For instance, the Acer Chromebook 15 is less than half the cost, yet still sports a Full HD display as well as full touchscreen controls. And if this 15.6-inch beast is a bit bigger than you need, there’s a smaller Chromebook 14 also on offer.

Before you go throwing your cash around, though, don’t forget there’s more Chromebooks on the way. The Dell Inspiron Chromebook 14 2-in-1, for example, was announced at IFA 2018 and boasts a Full HD display and an 8th Generation i3 Intel Core CPU.

How we test Chromebooks

Our philosophy here at Trusted Reviews is that the only way to truly test something is to use it just like a consumer would. In other words, we use each Chromebook as our full-time laptop for a period of time to see how it handles real life.

We’ll carry the device around with us wherever we roam, and use it throughout our working day. That way we can see how portable each Chromebook is, how good the battery life is, whether the performance is up to snuff and whether there are any odd little quirks that you should know about.

In addition, we run a selection of standard tests to see how the device directly compares with its peers. For instance, we’ll run down the battery with a non-stop Netflix binge-fest to find out how many hours of video playback you can expect from a full charge.

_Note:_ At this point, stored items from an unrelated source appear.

(* Let $\mathcal{S}$ be a subspace of $\mathbb{C}^n$. Let $\mathcal{D}^+_n$ be the set of $n\times n$ positive definite diagonal matrices and $\mathcal{D}^+_{0,n}$ the set of $n\times n$ positive semidefinite diagonal matrices. Then $$\sup_{D\in\mathcal{D}^+_n}\|P_{D,\mathcal{S}}\|=\sup_{D\in\mathcal{D}^+_{0,n}}\|P_{D,\mathcal{S}}\|.$$
   Context: Norms are operator norms for the Euclidean norm. For a positive semidefinite matrix $D$ and a subspace $\mathcal{S}$ of $\mathbb{C}^n$, write $D=\begin{pmatrix} a & b\\ b^* & c\end{pmatrix}$ with respect to $\mathcal{S}\oplus\mathcal{S}^\perp$; then $P_{D,\mathcal{S}}:=\begin{pmatrix} 1 & a^\dagger b\\ 0&0\end{pmatrix}$ ($a^\dagger$ Moore–Penrose inverse), an idempotent with range $\mathcal{S}$ satisfying $DP_{D,\mathcal{S}}=P_{D,\mathcal{S}}^*D$, of minimal norm among such idempotents. *)

From HB Require Import structures.
From mathcomp Require Import all_boot all_order all_algebra.
From mathcomp Require Import complex.
From mathcomp Require Import boolp classical_sets reals constructive_ereal ereal.

Set Implicit Arguments.
Unset Strict Implicit.
Unset Printing Implicit Defensive.

Import Order.TTheory GRing.Theory Num.Theory.
Local Open Scope ring_scope.
Local Open Scope classical_set_scope.

Section Defs.
Variable R : realType.
Local Notation C := (complex R).

Definition adjmx m n (A : 'M[C]_(m, n)) : 'M[C]_(n, m) :=
  map_mx (@conjc R) A^T.

Definition is_MPinv m n (A : 'M[C]_(m, n)) (X : 'M[C]_(n, m)) : Prop :=
  [/\ A *m X *m A = A, X *m A *m X = X,
      adjmx (A *m X) = A *m X & adjmx (X *m A) = X *m A].

Definition MPinv m n (A : 'M[C]_(m, n)) : 'M[C]_(n, m) :=
  match pselect (exists X, is_MPinv A X) with
  | left h => projT1 (cid h)
  | right _ => 0
  end.

Definition is_orthoproj n (S : {vspace 'cV[C]_n}) (Q : 'M[C]_n) : Prop :=
  [/\ adjmx Q = Q, Q *m Q = Q,
      (forall x : 'cV[C]_n, (Q *m x) \in S) &
      (forall x : 'cV[C]_n, x \in S -> Q *m x = x)].

Definition orthoproj n (S : {vspace 'cV[C]_n}) : 'M[C]_n :=
  match pselect (exists Q, is_orthoproj S Q) with
  | left h => projT1 (cid h)
  | right _ => 0
  end.

(* P_{D,S} = [[1, a^+ b],[0,0]] w.r.t. S (+) S^perp, written with the
   orthogonal projection Q onto S:  a = Q D Q (restricted to S),
   b = Q D (1 - Q) (restricted to S^perp), so
   P_{D,S} = Q + (Q D Q)^+ D (1 - Q). *)
Definition PDS n (D : 'M[C]_n) (S : {vspace 'cV[C]_n}) : 'M[C]_n :=
  let Q := orthoproj S in
  Q + MPinv (Q *m D *m Q) *m D *m (1%:M - Q).

Definition vnorm n (x : 'cV[C]_n) : R :=
  Num.sqrt (\sum_i (ComplexField.Normc.normc (x i 0)) ^+ 2).

Definition opnorm n (A : 'M[C]_n) : \bar R :=
  ereal_sup [set (vnorm (A *m x))%:E | x in [set x : 'cV[C]_n | vnorm x = 1]].

Definition posdef_diag n (D : 'M[C]_n) : Prop :=
  is_diag_mx D /\ forall i, 0 < D i i.
Definition psd_diag n (D : 'M[C]_n) : Prop :=
  is_diag_mx D /\ forall i, 0 <= D i i.

End Defs.

From mathcomp Require Import all_boot all_order all_algebra.
From mathcomp Require Import complex.
From mathcomp Require Import boolp classical_sets reals constructive_ereal ereal.
From mathcomp Require Import ring lra.
Import Order.TTheory GRing.Theory Num.Theory.
Set Implicit Arguments.
Unset Strict Implicit.
Unset Printing Implicit Defensive.
Local Open Scope ring_scope.
Local Open Scope complex_scope.

(* Let Q be the orthogonal projection onto S, A := Q D Q and D_e := D + e I,
   so that Q D_e Q = A + e Q.  As A >= 0, Y := (A + e Q)^+ inverts A + e Q on
   the range of Q, with norm at most 1/e there.  As D >= 0, the range of Q D
   lies in that of A, and with X := A^+ this gives
     P_{D,S} x - P_{D_e,S} x = e (u - e Y u),   u := X^H X Q D (1 - Q) x.
   The difference is thus O(e) with u independent of e, so ||P_{D,S} x|| is at
   most the limit inferior of ||P_{D_e,S} x||, and every D_e is positive
   definite. *)

Section Adjoint.
Variable R : realType.
Local Notation C := (complex R).

Lemma adjmxK m n (A : 'M[C]_(m, n)) : adjmx (adjmx A) = A.
Proof. by apply/matrixP=> i j; rewrite !mxE conjcK. Qed.

Lemma adjmxM m n p (A : 'M[C]_(m, n)) (B : 'M[C]_(n, p)) :
  adjmx (A *m B) = adjmx B *m adjmx A.
Proof. by rewrite /adjmx trmx_mul map_mxM. Qed.

Lemma adjmx0 m n : adjmx (0 : 'M[C]_(m, n)) = 0.
Proof. by apply/matrixP=> i j; rewrite !mxE conjc0. Qed.

Lemma adjmxD m n (A B : 'M[C]_(m, n)) : adjmx (A + B) = adjmx A + adjmx B.
Proof. by apply/matrixP=> i j; rewrite !mxE rmorphD. Qed.

Lemma adjmx_realZ m n (r : R) (A : 'M[C]_(m, n)) :
  adjmx (r%:C *: A) = r%:C *: adjmx A.
Proof. by apply/matrixP=> i j; rewrite !mxE rmorphM /= oppr0. Qed.

Lemma adjmx_inv n (A : 'M[C]_n) : adjmx (invmx A) = invmx (adjmx A).
Proof. by rewrite /adjmx trmx_inv map_invmx. Qed.

Lemma mulmx_diagr p n (M : 'M[C]_(p, n)) (D : 'M[C]_n) i k :
  is_diag_mx D -> (M *m D) i k = M i k * D k k.
Proof.
move=> /is_diag_mxP hD; rewrite mxE (bigD1 k) //= big1 ?addr0 // => j hj.
by rewrite hD ?mulr0.
Qed.

Lemma mulmx_diagl n p (D : 'M[C]_n) (M : 'M[C]_(n, p)) i k :
  is_diag_mx D -> (D *m M) i k = D i i * M i k.
Proof.
move=> /is_diag_mxP hD; rewrite mxE (bigD1 i) //= big1 ?addr0 // => j hj.
by rewrite hD ?mul0r // eq_sym.
Qed.

Lemma adjmx_psd_diag n (D : 'M[C]_n) : psd_diag D -> adjmx D = D.
Proof.
case=> /is_diag_mxP hD hD0; apply/matrixP=> i j; rewrite !mxE.
have [->|hij] := eqVneq i j; first exact: geC0_conj.
by rewrite !hD ?conjc0 // eq_sym.
Qed.

Lemma psd_diag1 n : psd_diag (1%:M : 'M[C]_n).
Proof. by split=> [|i]; rewrite ?scalar_mx_is_diag // mxE eqxx ler01. Qed.

Lemma psd_diag_mul_adj_eq0 p n (M : 'M[C]_(p, n)) (D : 'M[C]_n) :
  psd_diag D -> M *m D *m adjmx M = 0 -> M *m D = 0.
Proof.
move=> [hD hD0] MDM0; apply/matrixP=> i k; rewrite mulmx_diagr // [RHS]mxE.
have /matrixP/(_ i i) := MDM0; rewrite [RHS]mxE mxE => sum0.
have term_ge0 j : true -> 0 <= (M *m D) i j * adjmx M j i.
  by move=> _; rewrite mulmx_diagr // !mxE mulrAC mulr_ge0 ?mul_conjC_ge0.
have := psumr_eq0P term_ge0 sum0 (i := k) isT.
rewrite mulmx_diagr // !mxE mulrAC => /eqP.
by rewrite mulf_eq0 mul_conjC_eq0 => /orP[] /eqP ->; rewrite ?mulr0 ?mul0r.
Qed.

Lemma adj_mulmx_eq0 m p (M : 'M[C]_(m, p)) : adjmx M *m M = 0 -> M = 0.
Proof.
move=> MM0; apply: (can_inj (@adjmxK _ _)).
have := @psd_diag_mul_adj_eq0 _ _ (adjmx M) _ (psd_diag1 m).
by rewrite mulmx1 adjmxK adjmx0 => ->.
Qed.

Lemma unitmx_ker0 r (N : 'M[C]_r) :
  (forall z : 'cV_r, N *m z = 0 -> z = 0) -> N \in unitmx.
Proof.
move=> ker0; rewrite -unitmx_tr -row_free_unit; apply: inj_row_free => v vN0.
apply: trmx_inj; rewrite trmx0; apply: ker0.
by apply: trmx_inj; rewrite trmx_mul trmxK vN0 trmx0.
Qed.

Lemma gram_unitmx m r (F : 'M[C]_(m, r)) :
  (forall z : 'cV_r, F *m z = 0 -> z = 0) -> adjmx F *m F \in unitmx.
Proof.
move=> ker0; apply: unitmx_ker0 => z Fz0; apply/ker0/adj_mulmx_eq0.
by rewrite adjmxM -mulmxA (mulmxA (adjmx F)) Fz0 mulmx0.
Qed.

End Adjoint.

Section MoorePenrose.
Variable R : realType.
Local Notation C := (complex R).

Lemma is_MPinv_full_rank m n r (A : 'M[C]_(m, n)) (F : 'M[C]_(m, r))
    (G : 'M[C]_(r, n)) :
  A = F *m G -> (forall z : 'cV_r, F *m z = 0 -> z = 0) ->
  (forall z : 'cV_r, adjmx G *m z = 0 -> z = 0) ->
  is_MPinv A
    (adjmx G *m invmx (G *m adjmx G) *m invmx (adjmx F *m F) *m adjmx F).
Proof.
move=> -> F0 G0; set MF := adjmx F *m F; set MG := G *m adjmx G.
have uF : MF \in unitmx by apply: gram_unitmx.
have uG : MG \in unitmx by rewrite /MG -{1}[G]adjmxK; apply: gram_unitmx.
have adjMF : adjmx MF = MF by rewrite /MF adjmxM adjmxK.
have adjMG : adjmx MG = MG by rewrite /MG adjmxM adjmxK.
have MGV : MG *m invmx MG = 1%:M := mulmxV uG.
have MFV : invmx MF *m MF = 1%:M := mulVmx uF.
set X := _ *m adjmx F.
have AX : F *m G *m X = F *m (invmx MF *m adjmx F).
  by rewrite /X -!mulmxA (mulmxA G) -/MG (mulmxA MG) MGV mul1mx.
have XA : X *m (F *m G) = adjmx G *m invmx MG *m G.
  by rewrite /X !mulmxA -(mulmxA _ (adjmx F)) -/MF -(mulmxA _ (invmx MF) MF)
    MFV mulmx1.
split.
- by rewrite AX !mulmxA -(mulmxA _ (adjmx F)) -/MF -(mulmxA _ _ MF) MFV mulmx1.
- by rewrite XA /X !mulmxA -(mulmxA _ G) -/MG -(mulmxA _ MG) MGV mulmx1.
- by rewrite AX !adjmxM adjmxK adjmx_inv adjMF mulmxA.
- by rewrite XA !adjmxM adjmxK adjmx_inv adjMG mulmxA.
Qed.

Lemma exists_MPinv m n (A : 'M[C]_(m, n)) : exists X, is_MPinv A X.
Proof.
eexists; apply: (is_MPinv_full_rank (esym (mulmx_base A))) => z Fz0.
  case/row_fullP: (col_base_full A) => B BA.
  by rewrite -[z]mul1mx -BA -mulmxA Fz0 mulmx0.
apply: (can_inj (@adjmxK _ _ _)); apply: (row_free_inj (row_base_free A)).
by rewrite /= adjmx0 mul0mx -[row_base A]adjmxK -adjmxM Fz0 adjmx0.
Qed.

Lemma MPinvP m n (A : 'M[C]_(m, n)) : is_MPinv A (MPinv A).
Proof.
rewrite /MPinv; case: pselect => [h|h]; first exact: (projT2 (cid h)).
by case: h; apply: exists_MPinv.
Qed.

Lemma is_MPinv_adj m n (A : 'M[C]_(m, n)) X :
  is_MPinv A X -> is_MPinv (adjmx A) (adjmx X).
Proof.
case=> AXA XAX AX XA; split; rewrite -?adjmxM ?mulmxA.
- by rewrite AXA.
- by rewrite XAX.
- by rewrite XA XA.
- by rewrite AX AX.
Qed.

Lemma is_MPinv_adjL m n (A : 'M[C]_(m, n)) X :
  is_MPinv A X -> X = adjmx A *m adjmx X *m X.
Proof. by case=> _ XAX _ XA; rewrite -adjmxM XA -{1}XAX. Qed.

Lemma is_MPinv_adjR m n (A : 'M[C]_(m, n)) X :
  is_MPinv A X -> X = X *m adjmx X *m adjmx A.
Proof. by case=> _ XAX AX _; rewrite -mulmxA -adjmxM AX mulmxA XAX. Qed.

Lemma is_MPinv_rangeL m n (P : 'M[C]_n) (A : 'M[C]_(m, n)) X :
  is_MPinv A X -> P *m adjmx A = adjmx A -> P *m X = X.
Proof. by move=> /is_MPinv_adjL XE PA; rewrite XE !mulmxA PA. Qed.

Lemma is_MPinv_rangeR m n (P : 'M[C]_m) (A : 'M[C]_(m, n)) X :
  is_MPinv A X -> adjmx A *m P = adjmx A -> X *m P = X.
Proof. by move=> /is_MPinv_adjR XE AP; rewrite XE -mulmxA AP. Qed.

End MoorePenrose.

Lemma young_sqr (R : realFieldType) (s a b d : R) :
  0 < d -> 0 <= a -> 0 <= b -> 0 <= s -> s <= a + b ->
  s ^+ 2 <= (1 + d) * a ^+ 2 + (1 + d^-1) * b ^+ 2.
Proof.
move=> d0 a0 b0 s0 sab.
have sab2 : s ^+ 2 <= (a + b) ^+ 2 by nra.
have sq_ge0 : 0 <= d^-1 * (d * a - b) ^+ 2.
  by rewrite mulr_ge0 ?sqr_ge0 ?invr_ge0 ?ltW.
have sqE : d^-1 * (d * a - b) ^+ 2 = d * a ^+ 2 + d^-1 * b ^+ 2 - 2 * a * b.
  by field; rewrite gt_eqF.
by apply: (le_trans sab2); rewrite sqE in sq_ge0; nra.
Qed.

Lemma le_of_eps_bound (R : realFieldType) (a b K : R) : 0 <= b -> 0 <= K ->
  (forall e, 0 < e -> e <= 1 -> a <= (1 + e) * b + e * K) -> a <= b.
Proof.
move=> b0 K0 abK; apply/ler_addgt0Pr => d d0.
have bK0 : 0 < b + K + 1 by lra.
set e := Num.min 1 (d / (b + K + 1)).
have e0 : 0 < e by rewrite lt_min ltr01 divr_gt0.
have e1 : e <= 1 by rewrite ge_min lexx.
have ebK : e * (b + K + 1) <= d by rewrite -ler_pdivlMr // ge_min lexx orbT.
by have := abK e e0 e1; nra.
Qed.

Section SquaredNorm.
Variable R : realType.
Local Notation C := (complex R).

Definition cdot n (u v : 'cV[C]_n) : C := (adjmx u *m v) 0 0.

Definition sqnorm n (x : 'cV[C]_n) : R :=
  \sum_i ComplexField.Normc.normc (x i 0) ^+ 2.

Related: Best laptops you can buy right now


We reckon the Google Pixelbook is the best Chromebook you can buy

Google Pixelbook


  • Thin and light design
  • Great performance
  • Excellent battery life
  • Chrome OS has come on leaps and bounds


  • So-so speakers
  • Web apps versus Android apps is confusing
  • Stylus only works well with small selection of apps

Powered by Intel 7th Gen Intel Core i5 and i7 CPUs, the Pixelbook offers the best performance of any Chromebook on the market. Whether you’re editing photos or opening endless tabs in the Chrome browser, you’ll nary see a stutter. On top of that you also get incredible battery life, with close to ten hours of use between charges.

Factor in the impressively slim and light design, and you’ve got one seriously portable laptop and the best Chromebook that you can buy. The Pixelbook is super-slim and easy as pie to slip into a bag. Weighing in at 1.1kg, you’ll not even notice it when lugging it around all day

You can flip that crisp and bright screen all the way back, so you can stick the Pixelbook in ‘tent mode’ and enjoy a movie on the go. You can also get busy with the stylus in this mode, although you’ll need to pay extra for that accessory. Shucks.


Acer Chromebook R13


  • Excellent, if a little dark, Full HD display
  • Above your average Chromebook for performance
  • Decent battery life
  • A better value buy than most Chromebooks


  • Unlit keyboard flexes in the middle and feels cheap
  • Only really good for writing, email, Netflix, iPlayer

The Acer Chromebook R13 (CB5-312T) is one of the better value for money propositions going. At £400, it’s a little more expensive than your average Chromebook, but for the extra money you’re getting a much more reliable and solid experience.

Lighter than the Acer Chromebook 15 at 1.5kg, it’s ideal for students or anyone who needs something lightweight that’s geared towards writing on the go. The battery will easily see you through a day of work and you should have enough left in the tank at the end of the day before having to reach for your mains adapter.

The only downside is that the screen is not terribly bright and the keyboard isn’t lit, so this perhaps isn’t ideal for all working situations.


The Acer Chromebook 15 (CB515-1HT), open, with the 15.6-inch display on

Acer Chromebook 15


  • Crisp visuals
  • Touchscreen controls
  • Firm, well-sized keyboard


  • Chrome OS is basic
  • Large and heavy
  • Battery life bettered by rivals

The Chromebook 15 is an absolute beast, towering over most other Chromebooks with its spacious 15.6-inch screen. It’s also considerably heavier, tipping the scales at almost 2kg. As a result, it’s probably best left at home rather than carried around all day.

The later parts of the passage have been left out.